++++ INPUT MATERIAL ++++

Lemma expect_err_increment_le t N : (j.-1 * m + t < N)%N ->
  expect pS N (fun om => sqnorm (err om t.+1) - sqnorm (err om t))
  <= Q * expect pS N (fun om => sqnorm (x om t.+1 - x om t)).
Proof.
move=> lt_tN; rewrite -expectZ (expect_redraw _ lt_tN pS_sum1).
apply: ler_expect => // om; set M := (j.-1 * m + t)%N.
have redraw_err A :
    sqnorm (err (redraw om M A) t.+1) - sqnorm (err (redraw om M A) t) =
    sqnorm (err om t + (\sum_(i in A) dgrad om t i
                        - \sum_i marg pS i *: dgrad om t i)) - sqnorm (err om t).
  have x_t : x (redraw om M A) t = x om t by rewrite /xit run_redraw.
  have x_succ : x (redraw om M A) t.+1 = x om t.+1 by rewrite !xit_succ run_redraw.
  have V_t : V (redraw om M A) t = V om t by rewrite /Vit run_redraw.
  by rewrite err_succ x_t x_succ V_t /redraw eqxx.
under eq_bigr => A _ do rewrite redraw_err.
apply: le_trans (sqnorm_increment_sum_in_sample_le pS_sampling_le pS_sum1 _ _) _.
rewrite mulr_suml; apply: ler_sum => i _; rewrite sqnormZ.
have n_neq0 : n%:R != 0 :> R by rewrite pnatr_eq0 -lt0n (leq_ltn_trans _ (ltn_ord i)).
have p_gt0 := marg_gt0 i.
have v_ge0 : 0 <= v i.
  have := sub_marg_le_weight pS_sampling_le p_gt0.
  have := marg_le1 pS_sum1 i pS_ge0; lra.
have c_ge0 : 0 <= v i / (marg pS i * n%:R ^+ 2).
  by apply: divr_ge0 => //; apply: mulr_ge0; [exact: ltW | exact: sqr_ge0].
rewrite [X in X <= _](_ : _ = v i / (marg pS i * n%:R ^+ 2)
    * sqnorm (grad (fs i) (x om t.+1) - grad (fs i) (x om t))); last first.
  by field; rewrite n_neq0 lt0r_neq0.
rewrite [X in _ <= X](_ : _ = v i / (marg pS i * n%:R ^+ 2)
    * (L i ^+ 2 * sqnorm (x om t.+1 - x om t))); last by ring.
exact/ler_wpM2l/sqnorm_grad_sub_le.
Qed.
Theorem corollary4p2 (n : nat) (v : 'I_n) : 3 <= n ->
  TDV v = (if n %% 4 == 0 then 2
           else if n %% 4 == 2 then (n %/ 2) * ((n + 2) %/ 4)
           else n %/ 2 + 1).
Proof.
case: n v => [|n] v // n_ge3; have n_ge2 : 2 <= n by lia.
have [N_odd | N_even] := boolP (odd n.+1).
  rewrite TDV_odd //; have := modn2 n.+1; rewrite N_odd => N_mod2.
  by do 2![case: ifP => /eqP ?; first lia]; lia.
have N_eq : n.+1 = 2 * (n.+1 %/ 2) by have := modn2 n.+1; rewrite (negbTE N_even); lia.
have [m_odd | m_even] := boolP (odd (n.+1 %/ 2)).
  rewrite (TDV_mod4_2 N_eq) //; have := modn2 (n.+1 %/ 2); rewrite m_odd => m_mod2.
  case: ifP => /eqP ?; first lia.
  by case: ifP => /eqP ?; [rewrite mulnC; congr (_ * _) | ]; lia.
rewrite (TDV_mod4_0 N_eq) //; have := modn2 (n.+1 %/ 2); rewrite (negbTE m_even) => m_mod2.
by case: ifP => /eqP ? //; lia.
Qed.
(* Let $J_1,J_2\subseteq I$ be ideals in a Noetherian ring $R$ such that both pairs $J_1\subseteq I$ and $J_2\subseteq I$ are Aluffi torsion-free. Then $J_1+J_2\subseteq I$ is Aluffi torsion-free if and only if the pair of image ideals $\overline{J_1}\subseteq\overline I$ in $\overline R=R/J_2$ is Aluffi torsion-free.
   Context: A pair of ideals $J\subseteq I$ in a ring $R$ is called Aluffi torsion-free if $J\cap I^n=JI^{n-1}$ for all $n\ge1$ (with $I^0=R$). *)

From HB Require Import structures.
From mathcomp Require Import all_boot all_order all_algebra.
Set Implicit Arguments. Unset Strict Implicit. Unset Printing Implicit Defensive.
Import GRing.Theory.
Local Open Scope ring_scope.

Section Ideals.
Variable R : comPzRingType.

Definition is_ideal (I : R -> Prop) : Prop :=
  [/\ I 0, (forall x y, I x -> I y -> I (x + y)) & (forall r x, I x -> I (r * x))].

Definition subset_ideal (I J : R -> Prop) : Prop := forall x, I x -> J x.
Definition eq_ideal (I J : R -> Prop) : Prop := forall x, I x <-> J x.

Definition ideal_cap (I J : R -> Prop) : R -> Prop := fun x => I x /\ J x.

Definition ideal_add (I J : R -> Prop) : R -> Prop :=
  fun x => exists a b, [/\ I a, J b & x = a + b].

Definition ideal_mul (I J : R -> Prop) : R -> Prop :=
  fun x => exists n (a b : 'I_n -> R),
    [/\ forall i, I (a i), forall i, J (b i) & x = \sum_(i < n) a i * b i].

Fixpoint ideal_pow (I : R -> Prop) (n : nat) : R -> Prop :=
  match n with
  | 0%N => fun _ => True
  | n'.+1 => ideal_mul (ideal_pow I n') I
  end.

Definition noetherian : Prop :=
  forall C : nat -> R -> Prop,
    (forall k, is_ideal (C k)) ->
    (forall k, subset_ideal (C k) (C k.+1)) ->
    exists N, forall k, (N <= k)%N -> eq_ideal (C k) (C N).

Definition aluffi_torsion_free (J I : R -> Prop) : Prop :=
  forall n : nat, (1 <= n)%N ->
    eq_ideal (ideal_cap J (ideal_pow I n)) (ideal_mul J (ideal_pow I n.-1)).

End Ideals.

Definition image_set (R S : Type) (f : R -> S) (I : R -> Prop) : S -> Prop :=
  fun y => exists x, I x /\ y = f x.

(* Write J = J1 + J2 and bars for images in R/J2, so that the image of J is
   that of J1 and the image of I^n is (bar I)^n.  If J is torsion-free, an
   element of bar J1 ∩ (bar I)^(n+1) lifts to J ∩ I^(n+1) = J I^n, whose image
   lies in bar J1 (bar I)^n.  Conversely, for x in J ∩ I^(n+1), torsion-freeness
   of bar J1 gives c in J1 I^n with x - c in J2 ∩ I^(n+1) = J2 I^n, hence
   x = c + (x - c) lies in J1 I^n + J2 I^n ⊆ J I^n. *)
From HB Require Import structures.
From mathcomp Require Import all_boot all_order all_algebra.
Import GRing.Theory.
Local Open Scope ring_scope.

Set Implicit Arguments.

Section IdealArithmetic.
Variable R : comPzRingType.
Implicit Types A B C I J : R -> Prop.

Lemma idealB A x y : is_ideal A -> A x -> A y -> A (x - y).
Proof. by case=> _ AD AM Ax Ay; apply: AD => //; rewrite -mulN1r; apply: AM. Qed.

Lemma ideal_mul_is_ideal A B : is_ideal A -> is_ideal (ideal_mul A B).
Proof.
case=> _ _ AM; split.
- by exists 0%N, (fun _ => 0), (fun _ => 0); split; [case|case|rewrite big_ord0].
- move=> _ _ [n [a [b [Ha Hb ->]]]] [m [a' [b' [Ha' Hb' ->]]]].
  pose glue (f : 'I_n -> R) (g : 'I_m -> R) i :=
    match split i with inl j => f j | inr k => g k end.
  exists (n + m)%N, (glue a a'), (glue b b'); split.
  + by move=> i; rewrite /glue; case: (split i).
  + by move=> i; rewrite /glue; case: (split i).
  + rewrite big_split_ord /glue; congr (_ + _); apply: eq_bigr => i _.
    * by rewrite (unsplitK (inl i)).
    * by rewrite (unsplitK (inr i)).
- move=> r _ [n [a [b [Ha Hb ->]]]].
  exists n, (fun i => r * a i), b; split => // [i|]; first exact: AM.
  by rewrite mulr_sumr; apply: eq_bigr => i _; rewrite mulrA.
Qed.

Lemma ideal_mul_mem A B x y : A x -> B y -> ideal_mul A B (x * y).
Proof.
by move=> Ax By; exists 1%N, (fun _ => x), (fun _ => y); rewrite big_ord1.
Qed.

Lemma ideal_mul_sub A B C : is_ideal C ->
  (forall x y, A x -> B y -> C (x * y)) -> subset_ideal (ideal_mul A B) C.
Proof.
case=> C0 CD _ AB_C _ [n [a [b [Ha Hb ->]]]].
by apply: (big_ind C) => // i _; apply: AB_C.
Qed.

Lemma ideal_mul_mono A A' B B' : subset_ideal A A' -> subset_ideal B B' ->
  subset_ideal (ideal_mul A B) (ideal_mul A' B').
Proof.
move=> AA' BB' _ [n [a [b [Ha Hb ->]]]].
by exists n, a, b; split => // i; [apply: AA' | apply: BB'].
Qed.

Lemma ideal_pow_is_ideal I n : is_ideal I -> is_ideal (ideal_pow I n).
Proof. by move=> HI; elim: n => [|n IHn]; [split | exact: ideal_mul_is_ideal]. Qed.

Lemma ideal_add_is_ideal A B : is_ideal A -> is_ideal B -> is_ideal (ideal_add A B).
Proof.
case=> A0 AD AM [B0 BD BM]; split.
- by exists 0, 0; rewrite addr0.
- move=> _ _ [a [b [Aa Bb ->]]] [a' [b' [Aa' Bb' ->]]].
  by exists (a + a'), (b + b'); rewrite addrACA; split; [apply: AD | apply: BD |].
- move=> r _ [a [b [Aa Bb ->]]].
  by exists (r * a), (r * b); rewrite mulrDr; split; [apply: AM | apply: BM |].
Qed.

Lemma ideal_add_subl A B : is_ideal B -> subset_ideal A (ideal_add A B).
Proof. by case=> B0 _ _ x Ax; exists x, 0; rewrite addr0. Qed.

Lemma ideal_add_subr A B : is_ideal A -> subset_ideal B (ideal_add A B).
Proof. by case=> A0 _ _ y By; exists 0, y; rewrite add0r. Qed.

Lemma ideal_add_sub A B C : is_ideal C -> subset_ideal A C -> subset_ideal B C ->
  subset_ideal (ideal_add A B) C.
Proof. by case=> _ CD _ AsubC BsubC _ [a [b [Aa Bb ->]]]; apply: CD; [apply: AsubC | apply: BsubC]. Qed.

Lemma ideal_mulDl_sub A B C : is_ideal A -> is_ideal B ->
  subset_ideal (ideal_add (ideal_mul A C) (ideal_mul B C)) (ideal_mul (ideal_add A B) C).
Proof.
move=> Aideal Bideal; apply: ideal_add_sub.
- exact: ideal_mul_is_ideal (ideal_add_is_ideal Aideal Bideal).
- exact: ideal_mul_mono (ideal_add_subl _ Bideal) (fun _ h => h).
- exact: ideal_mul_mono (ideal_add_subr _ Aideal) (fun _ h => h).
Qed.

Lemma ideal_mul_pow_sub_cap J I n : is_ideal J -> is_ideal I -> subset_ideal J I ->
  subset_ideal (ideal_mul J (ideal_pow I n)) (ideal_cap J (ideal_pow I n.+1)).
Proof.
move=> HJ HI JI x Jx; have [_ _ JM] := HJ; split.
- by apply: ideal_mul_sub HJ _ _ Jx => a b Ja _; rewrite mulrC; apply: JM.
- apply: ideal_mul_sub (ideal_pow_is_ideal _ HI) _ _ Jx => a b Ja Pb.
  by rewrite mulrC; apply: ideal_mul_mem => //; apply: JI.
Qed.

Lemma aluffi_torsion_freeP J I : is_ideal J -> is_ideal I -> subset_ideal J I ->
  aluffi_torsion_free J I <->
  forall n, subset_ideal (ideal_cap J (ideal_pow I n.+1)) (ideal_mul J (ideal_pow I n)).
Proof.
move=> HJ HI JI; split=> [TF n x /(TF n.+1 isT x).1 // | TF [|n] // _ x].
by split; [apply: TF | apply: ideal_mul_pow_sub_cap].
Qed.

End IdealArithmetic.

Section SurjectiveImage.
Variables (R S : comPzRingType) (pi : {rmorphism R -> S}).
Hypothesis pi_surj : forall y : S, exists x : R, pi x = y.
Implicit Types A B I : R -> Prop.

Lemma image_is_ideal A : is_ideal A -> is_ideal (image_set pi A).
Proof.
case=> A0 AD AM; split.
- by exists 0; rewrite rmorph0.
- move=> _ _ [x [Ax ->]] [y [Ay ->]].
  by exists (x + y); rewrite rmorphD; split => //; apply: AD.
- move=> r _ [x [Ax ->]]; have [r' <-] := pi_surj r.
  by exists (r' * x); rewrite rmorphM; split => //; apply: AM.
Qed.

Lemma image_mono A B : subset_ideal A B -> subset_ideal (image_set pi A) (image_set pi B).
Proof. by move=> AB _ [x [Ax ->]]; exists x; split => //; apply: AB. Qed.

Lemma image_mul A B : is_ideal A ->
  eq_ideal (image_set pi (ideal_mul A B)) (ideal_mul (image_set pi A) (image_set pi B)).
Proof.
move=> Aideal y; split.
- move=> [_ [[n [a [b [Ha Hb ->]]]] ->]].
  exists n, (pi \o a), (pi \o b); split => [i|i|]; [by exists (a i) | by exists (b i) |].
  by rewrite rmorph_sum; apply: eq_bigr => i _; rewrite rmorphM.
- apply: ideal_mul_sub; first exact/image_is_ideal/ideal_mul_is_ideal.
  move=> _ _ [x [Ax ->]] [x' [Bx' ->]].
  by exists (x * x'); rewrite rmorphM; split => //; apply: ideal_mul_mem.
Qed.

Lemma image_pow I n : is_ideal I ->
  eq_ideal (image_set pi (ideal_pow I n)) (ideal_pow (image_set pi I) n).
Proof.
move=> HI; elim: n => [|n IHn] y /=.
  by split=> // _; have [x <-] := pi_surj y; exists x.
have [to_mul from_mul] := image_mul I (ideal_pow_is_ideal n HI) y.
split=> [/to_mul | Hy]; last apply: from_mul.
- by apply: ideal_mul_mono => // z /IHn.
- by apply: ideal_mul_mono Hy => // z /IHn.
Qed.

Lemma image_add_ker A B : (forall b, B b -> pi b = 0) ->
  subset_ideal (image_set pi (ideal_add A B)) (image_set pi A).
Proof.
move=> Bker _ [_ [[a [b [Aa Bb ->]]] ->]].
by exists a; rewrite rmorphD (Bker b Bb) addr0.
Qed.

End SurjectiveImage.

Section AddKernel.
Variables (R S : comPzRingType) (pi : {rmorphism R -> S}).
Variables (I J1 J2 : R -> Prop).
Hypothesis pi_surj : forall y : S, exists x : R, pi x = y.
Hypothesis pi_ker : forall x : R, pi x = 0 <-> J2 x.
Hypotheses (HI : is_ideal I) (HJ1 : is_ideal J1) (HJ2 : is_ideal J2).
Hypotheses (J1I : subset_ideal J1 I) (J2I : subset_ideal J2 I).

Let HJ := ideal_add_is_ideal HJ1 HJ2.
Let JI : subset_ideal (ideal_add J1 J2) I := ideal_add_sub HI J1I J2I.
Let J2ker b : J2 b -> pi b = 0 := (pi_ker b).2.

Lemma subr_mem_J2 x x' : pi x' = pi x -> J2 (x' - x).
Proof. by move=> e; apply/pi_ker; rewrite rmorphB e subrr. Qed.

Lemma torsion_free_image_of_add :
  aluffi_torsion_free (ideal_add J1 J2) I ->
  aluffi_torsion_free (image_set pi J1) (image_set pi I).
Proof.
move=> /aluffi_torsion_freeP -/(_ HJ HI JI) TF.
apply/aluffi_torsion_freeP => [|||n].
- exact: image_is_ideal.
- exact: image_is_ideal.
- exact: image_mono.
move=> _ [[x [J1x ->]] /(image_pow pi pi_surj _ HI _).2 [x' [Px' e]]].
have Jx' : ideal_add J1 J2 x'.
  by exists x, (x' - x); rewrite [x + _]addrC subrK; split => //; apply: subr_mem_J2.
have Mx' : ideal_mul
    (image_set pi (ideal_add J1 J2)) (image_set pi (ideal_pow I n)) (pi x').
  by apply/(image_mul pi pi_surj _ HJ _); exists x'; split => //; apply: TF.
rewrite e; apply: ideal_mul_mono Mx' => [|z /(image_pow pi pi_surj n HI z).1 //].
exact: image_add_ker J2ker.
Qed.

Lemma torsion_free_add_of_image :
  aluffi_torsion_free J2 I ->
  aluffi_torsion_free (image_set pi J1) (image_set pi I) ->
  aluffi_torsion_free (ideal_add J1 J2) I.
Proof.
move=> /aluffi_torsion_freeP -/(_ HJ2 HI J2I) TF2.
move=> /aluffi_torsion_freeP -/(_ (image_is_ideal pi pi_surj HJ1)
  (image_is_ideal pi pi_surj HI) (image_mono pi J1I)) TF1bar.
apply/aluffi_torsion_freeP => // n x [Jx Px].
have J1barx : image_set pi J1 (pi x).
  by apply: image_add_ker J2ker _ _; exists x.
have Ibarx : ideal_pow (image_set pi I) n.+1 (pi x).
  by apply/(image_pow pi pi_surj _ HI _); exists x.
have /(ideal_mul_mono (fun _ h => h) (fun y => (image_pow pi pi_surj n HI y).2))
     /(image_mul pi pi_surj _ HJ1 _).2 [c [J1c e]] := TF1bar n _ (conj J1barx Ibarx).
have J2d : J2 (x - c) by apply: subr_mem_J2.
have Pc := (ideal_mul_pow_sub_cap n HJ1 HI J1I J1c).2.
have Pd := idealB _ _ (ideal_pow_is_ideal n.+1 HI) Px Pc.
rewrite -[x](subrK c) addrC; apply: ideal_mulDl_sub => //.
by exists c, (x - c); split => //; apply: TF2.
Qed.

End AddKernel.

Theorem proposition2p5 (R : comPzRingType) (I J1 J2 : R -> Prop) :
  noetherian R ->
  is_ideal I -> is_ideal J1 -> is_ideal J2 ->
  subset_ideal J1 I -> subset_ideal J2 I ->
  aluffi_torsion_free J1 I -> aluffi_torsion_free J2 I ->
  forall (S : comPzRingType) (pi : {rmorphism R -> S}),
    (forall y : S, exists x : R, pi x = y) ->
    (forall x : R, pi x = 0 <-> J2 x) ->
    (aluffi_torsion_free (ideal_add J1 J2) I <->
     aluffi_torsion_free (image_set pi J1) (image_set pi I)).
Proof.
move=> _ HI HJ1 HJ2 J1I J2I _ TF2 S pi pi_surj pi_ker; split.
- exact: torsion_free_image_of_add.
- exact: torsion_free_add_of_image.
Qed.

++++

**WHAT THE EXERCISE ASKS**: Scan the entries above for the line containing "Hypotheses (HI : is_ideal", and copy it and all lines after it exactly, down to and including the line containing "Proof. by move=> e;".

**ANSWER BOX**:
Hypotheses (HI : is_ideal I) (HJ1 : is_ideal J1) (HJ2 : is_ideal J2).
Hypotheses (J1I : subset_ideal J1 I) (J2I : subset_ideal J2 I).

Let HJ := ideal_add_is_ideal HJ1 HJ2.
Let JI : subset_ideal (ideal_add J1 J2) I := ideal_add_sub HI J1I J2I.
Let J2ker b : J2 b -> pi b = 0 := (pi_ker b).2.

Lemma subr_mem_J2 x x' : pi x' = pi x -> J2 (x' - x).
Proof. by move=> e; apply/pi_ker; rewrite rmorphB e subrr. Qed.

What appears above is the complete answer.